Work required -> In the records below, find the line with "assert (HGray : vanishes_on_ray" and the line with "replace (RInt (fun"; return exactly those lines and every line between them.

=== Section Start ===

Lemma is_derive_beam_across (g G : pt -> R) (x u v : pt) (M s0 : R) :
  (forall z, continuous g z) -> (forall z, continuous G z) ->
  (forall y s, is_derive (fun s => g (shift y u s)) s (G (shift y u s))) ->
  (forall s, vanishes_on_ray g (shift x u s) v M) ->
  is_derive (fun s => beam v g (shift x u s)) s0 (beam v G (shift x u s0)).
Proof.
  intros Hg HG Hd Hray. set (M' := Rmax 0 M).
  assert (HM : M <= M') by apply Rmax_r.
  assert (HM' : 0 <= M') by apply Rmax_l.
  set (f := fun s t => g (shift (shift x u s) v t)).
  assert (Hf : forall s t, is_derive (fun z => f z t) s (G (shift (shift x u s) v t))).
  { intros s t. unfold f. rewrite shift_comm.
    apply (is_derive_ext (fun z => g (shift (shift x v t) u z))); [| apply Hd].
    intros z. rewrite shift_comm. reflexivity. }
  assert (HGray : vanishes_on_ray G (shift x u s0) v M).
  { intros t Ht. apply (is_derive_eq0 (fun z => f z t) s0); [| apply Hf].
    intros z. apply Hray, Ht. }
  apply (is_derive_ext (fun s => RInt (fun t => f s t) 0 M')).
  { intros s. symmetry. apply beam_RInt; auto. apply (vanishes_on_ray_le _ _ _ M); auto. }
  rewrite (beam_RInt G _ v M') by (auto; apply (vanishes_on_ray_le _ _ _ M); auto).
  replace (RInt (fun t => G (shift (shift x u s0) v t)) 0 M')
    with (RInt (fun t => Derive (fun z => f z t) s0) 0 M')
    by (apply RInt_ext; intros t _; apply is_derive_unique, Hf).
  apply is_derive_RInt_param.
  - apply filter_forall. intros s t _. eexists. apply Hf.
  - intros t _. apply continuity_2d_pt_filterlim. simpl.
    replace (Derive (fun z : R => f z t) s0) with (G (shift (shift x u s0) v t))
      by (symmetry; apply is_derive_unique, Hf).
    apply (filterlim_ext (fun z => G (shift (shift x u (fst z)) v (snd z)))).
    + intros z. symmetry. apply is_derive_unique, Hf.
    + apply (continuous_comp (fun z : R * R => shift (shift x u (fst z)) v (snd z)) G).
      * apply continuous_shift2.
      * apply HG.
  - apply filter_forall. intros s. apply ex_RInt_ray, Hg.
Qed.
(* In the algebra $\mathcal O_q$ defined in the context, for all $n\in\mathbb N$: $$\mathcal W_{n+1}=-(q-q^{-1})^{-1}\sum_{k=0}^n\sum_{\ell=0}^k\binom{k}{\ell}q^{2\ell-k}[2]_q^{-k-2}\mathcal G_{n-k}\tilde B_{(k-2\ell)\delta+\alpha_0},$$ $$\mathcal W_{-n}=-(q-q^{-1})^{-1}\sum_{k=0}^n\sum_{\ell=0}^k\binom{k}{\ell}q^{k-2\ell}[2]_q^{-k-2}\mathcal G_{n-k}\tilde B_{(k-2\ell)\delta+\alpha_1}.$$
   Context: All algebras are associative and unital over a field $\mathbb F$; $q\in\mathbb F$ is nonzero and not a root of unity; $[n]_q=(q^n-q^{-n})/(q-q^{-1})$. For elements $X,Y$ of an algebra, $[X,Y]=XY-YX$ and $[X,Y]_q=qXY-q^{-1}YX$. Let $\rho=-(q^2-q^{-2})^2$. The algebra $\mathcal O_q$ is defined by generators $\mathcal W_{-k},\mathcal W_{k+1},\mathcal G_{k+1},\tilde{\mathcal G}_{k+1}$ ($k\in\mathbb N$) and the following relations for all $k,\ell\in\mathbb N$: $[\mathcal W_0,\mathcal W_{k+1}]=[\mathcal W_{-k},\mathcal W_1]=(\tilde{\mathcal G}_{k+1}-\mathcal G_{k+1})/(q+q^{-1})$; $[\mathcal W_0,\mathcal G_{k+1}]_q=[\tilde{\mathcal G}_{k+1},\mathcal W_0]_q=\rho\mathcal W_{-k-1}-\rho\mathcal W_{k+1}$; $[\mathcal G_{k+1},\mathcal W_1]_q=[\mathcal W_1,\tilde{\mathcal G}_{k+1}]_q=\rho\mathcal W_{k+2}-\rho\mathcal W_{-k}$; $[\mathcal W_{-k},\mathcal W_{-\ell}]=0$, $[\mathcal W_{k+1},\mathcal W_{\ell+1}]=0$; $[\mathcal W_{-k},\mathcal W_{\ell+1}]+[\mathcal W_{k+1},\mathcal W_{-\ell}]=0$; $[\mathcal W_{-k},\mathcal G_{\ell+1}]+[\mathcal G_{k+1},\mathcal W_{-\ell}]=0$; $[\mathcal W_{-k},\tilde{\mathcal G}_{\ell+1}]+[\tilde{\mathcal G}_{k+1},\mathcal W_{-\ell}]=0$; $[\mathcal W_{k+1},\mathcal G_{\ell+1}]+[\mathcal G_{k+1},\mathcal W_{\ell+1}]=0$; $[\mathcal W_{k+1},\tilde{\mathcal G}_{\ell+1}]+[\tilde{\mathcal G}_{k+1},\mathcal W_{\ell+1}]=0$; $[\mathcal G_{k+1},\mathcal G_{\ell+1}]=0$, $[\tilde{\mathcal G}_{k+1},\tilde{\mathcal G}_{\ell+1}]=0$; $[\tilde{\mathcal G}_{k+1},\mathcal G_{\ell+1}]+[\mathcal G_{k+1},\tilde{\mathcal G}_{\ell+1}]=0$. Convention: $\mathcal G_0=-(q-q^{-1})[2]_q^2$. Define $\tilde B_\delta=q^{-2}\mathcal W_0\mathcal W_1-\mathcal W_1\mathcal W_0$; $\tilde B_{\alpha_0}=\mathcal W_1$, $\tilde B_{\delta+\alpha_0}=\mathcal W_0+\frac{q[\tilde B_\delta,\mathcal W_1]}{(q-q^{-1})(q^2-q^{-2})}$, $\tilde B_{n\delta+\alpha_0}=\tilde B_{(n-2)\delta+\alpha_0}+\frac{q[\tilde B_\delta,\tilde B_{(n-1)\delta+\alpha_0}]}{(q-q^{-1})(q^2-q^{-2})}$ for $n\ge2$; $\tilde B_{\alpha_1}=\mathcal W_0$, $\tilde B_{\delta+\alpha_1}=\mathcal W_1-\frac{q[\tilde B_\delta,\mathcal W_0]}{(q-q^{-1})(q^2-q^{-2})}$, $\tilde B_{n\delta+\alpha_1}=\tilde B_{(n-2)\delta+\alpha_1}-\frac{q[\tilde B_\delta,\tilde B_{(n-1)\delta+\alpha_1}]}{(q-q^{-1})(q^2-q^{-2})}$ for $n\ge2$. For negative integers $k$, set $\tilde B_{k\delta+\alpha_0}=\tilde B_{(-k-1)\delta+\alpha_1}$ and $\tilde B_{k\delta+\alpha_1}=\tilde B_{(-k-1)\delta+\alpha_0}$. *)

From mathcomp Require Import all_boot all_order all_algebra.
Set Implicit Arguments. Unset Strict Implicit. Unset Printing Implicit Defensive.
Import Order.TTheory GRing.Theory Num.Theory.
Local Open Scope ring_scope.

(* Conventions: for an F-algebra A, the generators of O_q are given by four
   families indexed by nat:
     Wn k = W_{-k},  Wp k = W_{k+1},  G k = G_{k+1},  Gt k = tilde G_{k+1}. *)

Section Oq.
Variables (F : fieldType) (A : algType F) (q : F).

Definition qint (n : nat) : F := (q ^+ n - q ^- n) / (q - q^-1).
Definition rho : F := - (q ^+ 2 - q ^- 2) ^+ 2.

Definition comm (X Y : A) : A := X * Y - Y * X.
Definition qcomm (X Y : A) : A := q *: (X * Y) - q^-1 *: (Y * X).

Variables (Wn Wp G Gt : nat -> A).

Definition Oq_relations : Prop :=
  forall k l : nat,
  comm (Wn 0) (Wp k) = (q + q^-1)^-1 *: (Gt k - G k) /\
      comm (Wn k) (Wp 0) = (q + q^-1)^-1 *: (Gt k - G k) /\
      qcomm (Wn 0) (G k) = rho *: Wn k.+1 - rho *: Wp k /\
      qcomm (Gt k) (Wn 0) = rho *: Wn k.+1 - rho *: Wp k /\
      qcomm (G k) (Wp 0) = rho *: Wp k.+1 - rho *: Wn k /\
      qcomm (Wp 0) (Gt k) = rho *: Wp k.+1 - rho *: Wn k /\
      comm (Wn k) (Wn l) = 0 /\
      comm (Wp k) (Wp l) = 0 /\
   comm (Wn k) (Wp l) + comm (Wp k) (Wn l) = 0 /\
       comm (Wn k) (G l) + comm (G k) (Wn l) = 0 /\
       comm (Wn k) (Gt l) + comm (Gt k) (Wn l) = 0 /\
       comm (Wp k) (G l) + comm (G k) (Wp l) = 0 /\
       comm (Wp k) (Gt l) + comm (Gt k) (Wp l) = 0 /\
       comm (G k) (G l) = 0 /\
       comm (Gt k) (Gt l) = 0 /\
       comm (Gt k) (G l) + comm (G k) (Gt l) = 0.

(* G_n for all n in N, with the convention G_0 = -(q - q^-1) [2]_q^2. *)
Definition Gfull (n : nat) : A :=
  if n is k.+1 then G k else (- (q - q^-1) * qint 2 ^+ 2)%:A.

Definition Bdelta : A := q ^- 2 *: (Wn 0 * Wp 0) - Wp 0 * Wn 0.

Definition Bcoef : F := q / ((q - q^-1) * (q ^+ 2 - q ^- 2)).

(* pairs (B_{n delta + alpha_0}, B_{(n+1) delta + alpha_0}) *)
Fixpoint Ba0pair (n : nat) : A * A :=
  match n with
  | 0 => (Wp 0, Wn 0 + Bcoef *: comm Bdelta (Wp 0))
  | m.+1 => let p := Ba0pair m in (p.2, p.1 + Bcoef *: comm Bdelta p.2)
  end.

=== Section End ===

Exercise response ->
  assert (HGray : vanishes_on_ray G (shift x u s0) v M).
  { intros t Ht. apply (is_derive_eq0 (fun z => f z t) s0); [| apply Hf].
    intros z. apply Hray, Ht. }
  apply (is_derive_ext (fun s => RInt (fun t => f s t) 0 M')).
  { intros s. symmetry. apply beam_RInt; auto. apply (vanishes_on_ray_le _ _ _ M); auto. }
  rewrite (beam_RInt G _ v M') by (auto; apply (vanishes_on_ray_le _ _ _ M); auto).
  replace (RInt (fun t => G (shift (shift x u s0) v t)) 0 M')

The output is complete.